The Insight (Rule of Thumb)
Miniblock Encoding
- MAX_MINIBLOCK_BYTES: 8,186 bytes (8 KiB - 6 bytes)
- Rationale: Fits within ~2 disk sectors. Total chunk (values + repetition/definition levels) stays under 24 KiB.
- MAX_MINIBLOCK_VALUES: 4,096 values per miniblock
- Rationale: Power-of-2 constraint for efficient indexing and alignment.
- MINIBLOCK_ALIGNMENT: 8 bytes
Bitpacking
- ELEMS_PER_CHUNK: 1,024 values per chunk (LOG_ELEMS_PER_CHUNK = 10)
- Rationale: Each chunk has constant bit width. 1,024 is a sweet spot for cache locality and compression effectiveness.
Compression Thresholds
- MIN_BUFFER_SIZE_FOR_COMPRESSION: 4 KiB
- Rationale: Buffers smaller than 4 KiB skip compression because the overhead is not worth the savings.
- DICT_SIZE_RATIO: 0.8 (80%)
- Rationale: Use dictionary encoding only if encoded size < 80% of raw size.
Binary Data
- DEFAULT_AIM_MINICHUNK_SIZE: 4 KiB (configurable via `LANCE_BINARY_MINIBLOCK_CHUNK_SIZE` env var)
RLE (Run-Length Encoding)
- 2,048 value cap per chunk (workaround for issue #4429)
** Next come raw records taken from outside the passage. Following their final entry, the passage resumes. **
Definition g_OU (R : realType) (a : R -> R) (t u : R) : R :=
  if 0 <= u then expR (- (a t * u)) else 0.

From HB Require Import structures.
From mathcomp Require Import all_boot all_order all_algebra.
From mathcomp Require Import all_classical all_reals all_analysis.
From mathcomp Require Import ring lra measurable_realfun.
Import Order.TTheory GRing.Theory Num.Theory.
Import numFieldNormedType.Exports.
Set Implicit Arguments. Unset Strict Implicit. Unset Printing Implicit Defensive.
Local Open Scope ring_scope.
Local Open Scope classical_set_scope.

(* Idea: thanks to the lower bound (C2), on every half line (-oo, T] the rate a
   is bounded below by some eps > 0, so all kernels that occur are dominated by
   the envelope u |-> 1_{u>=0} e^{-eps u}, which is square integrable (it is a
   multiple of the exponential density).  Every L^2 statement then follows from
   dominated convergence against this envelope.  The file is organised as:
   - the exponential envelope exp_env and its properties;
   - L^2 consequences of domination by a square-integrable function;
   - integrals over segments [-v, 0]: translation and the limit
     \int_{-v}^0 f(s/N + t) ds --> f(t) v, which uses continuity (C1);
   - kernels v |-> 1_{v>=0} exp(-\int_{-v}^0 h), of which g_N^0 is an instance;
   - the five clauses of local stationarity for the OU kernels, collected in
     the final theorem. *)

Lemma sqr_le_of_norm_le (R : realDomainType) (x y : R) :
  `|x| <= y -> x ^+ 2 <= y ^+ 2.
Proof.
move=> xy; rewrite -real_normK ?num_real // ler_pXn2r // nnegrE //.
exact: le_trans xy.
Qed.

Lemma sqr_diff_le (R : realDomainType) (x y c : R) :
  `|x| <= c -> `|y| <= c -> (x - y) ^+ 2 <= 4 * c ^+ 2.
Proof.
move=> xc yc; have -> : 4 * c ^+ 2 = (c + c) ^+ 2 by ring.
by apply: sqr_le_of_norm_le; apply: le_trans (ler_normB _ _) _; exact: lerD.
Qed.

Section exponential_envelope.
Context {R : realType}.
Local Notation mu := (@lebesgue_measure R).

Definition exp_env (c u : R) : R := if 0 <= u then expR (- (c * u)) else 0.

Lemma exp_env_ge0 c u : 0 <= exp_env c u.
Proof. by rewrite /exp_env; case: ifP => _ //; exact: expR_ge0. Qed.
- Rationale: Prevents memory issues with highly repetitive data.
Blob Data
- TARGET_SHARD_SIZE: 32 MiB
- Rationale: Balances memory usage vs I/O request frequency for large binary objects.
Reasoning
The miniblock size of ~8 KiB is designed for disk sector alignment (typical 4 KiB sectors). Keeping miniblocks small enables efficient random access within pages without reading excessive data. The 4,096 value limit per miniblock ensures predictable memory usage during decode. The 4 KiB compression threshold avoids the overhead of compression headers and algorithm initialization for tiny buffers where savings would be negligible. The 80% dictionary encoding threshold ensures dictionary encoding is only used when it provides meaningful compression.
Code Evidence
Miniblock constants from `rust/lance-encoding/src/encodings/logical/primitive/miniblock.rs:19-20`:
pub const MAX_MINIBLOCK_BYTES: u64 = 8 * 1024 - 6;
pub const MAX_MINIBLOCK_VALUES: u64 = 4096;
Bitpacking chunk size from `rust/lance-encoding/src/encodings/physical/bitpacking.rs`:
pub const LOG_ELEMS_PER_CHUNK: usize = 10;
pub const ELEMS_PER_CHUNK: usize = 1 << LOG_ELEMS_PER_CHUNK; // 1024
Blob target shard size from `rust/lance-encoding/src/encodings/logical/blob.rs`:
const TARGET_SHARD_SIZE: usize = 32 * 1024 * 1024; // 32 MiB